• _TASK DETAILS_: Using the entries that follow, report how many lines contain the word "root". Only the number is wanted.

• _DATA SUPPLIED_:
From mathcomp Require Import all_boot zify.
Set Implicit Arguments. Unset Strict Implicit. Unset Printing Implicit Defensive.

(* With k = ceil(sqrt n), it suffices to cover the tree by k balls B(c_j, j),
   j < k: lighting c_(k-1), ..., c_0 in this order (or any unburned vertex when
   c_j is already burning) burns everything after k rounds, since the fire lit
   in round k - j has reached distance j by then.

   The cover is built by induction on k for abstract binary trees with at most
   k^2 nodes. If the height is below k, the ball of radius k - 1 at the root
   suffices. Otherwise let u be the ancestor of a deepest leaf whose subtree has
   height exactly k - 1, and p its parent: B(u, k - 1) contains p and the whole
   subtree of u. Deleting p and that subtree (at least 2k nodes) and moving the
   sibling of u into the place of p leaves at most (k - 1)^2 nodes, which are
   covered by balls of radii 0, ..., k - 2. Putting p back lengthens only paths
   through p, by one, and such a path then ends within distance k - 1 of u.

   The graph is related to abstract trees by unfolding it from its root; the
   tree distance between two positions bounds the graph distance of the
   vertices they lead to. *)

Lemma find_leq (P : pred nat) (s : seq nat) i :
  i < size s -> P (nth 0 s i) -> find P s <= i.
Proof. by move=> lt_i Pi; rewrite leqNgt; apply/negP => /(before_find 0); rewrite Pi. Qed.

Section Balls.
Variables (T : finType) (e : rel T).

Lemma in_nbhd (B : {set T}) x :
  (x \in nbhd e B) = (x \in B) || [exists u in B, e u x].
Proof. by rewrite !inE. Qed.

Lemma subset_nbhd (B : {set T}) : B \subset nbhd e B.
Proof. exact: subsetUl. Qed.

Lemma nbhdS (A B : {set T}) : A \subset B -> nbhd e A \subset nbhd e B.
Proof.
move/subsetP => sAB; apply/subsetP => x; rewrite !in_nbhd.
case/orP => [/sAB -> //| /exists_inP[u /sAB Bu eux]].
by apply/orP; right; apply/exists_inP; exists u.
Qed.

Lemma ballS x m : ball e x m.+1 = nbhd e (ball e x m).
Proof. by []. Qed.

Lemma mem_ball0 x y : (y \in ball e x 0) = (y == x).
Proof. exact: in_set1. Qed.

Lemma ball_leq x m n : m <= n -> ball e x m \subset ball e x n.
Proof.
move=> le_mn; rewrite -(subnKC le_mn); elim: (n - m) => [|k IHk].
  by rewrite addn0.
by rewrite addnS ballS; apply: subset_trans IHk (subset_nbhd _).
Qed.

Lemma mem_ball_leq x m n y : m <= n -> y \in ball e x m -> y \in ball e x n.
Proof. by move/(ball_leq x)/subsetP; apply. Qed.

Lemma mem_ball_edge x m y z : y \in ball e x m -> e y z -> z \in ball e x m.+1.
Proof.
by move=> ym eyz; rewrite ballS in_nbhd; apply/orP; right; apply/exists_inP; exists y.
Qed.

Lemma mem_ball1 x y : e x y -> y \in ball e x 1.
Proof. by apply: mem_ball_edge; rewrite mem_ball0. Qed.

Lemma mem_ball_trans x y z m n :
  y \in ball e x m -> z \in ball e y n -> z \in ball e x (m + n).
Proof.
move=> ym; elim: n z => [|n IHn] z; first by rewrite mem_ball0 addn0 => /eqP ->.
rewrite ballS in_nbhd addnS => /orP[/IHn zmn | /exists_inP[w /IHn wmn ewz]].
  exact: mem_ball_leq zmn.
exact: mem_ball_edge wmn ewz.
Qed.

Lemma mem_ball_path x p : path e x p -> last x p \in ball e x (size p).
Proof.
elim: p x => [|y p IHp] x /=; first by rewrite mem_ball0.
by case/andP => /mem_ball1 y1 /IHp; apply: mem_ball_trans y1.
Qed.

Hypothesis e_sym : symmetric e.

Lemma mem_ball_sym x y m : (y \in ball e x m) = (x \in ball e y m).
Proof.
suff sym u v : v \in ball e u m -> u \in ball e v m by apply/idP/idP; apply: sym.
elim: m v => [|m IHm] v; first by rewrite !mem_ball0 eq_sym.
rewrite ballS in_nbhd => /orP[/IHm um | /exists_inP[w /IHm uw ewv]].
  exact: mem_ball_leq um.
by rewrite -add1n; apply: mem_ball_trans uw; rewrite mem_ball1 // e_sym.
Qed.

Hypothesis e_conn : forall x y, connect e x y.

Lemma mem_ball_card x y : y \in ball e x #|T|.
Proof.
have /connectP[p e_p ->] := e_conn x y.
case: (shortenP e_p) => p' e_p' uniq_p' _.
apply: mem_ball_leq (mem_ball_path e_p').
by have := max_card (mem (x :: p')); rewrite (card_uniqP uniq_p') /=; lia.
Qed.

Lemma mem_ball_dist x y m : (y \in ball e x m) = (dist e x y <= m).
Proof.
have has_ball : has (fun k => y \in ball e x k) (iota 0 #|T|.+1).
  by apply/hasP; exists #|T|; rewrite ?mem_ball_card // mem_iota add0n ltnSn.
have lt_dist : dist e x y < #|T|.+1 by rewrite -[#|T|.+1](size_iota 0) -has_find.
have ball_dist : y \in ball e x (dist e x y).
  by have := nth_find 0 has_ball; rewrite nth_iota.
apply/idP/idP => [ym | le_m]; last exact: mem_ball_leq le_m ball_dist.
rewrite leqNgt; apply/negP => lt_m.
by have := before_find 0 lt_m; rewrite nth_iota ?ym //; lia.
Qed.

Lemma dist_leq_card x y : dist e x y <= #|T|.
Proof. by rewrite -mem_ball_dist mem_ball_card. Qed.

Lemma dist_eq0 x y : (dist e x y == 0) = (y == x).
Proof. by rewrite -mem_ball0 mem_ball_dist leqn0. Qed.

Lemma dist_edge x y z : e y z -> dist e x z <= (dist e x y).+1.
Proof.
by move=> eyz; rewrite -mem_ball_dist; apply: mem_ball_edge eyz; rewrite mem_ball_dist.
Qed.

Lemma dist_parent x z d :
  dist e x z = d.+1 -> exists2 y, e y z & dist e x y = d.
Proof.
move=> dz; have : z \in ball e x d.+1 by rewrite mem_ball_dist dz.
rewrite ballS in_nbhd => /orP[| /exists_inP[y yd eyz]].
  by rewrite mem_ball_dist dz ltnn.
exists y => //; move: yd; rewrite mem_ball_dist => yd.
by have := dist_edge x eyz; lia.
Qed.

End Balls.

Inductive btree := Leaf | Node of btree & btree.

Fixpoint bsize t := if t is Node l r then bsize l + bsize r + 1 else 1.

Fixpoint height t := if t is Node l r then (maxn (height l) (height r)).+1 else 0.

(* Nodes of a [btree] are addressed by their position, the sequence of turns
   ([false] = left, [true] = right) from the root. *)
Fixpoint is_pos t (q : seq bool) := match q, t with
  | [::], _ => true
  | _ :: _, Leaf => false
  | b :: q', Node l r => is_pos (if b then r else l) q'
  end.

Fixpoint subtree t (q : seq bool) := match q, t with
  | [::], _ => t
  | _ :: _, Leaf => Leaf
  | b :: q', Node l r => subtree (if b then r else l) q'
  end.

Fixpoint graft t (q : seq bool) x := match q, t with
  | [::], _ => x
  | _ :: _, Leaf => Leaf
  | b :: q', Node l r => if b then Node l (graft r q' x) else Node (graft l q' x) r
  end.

• _RESPONSE FOR THIS EXERCISE_: 3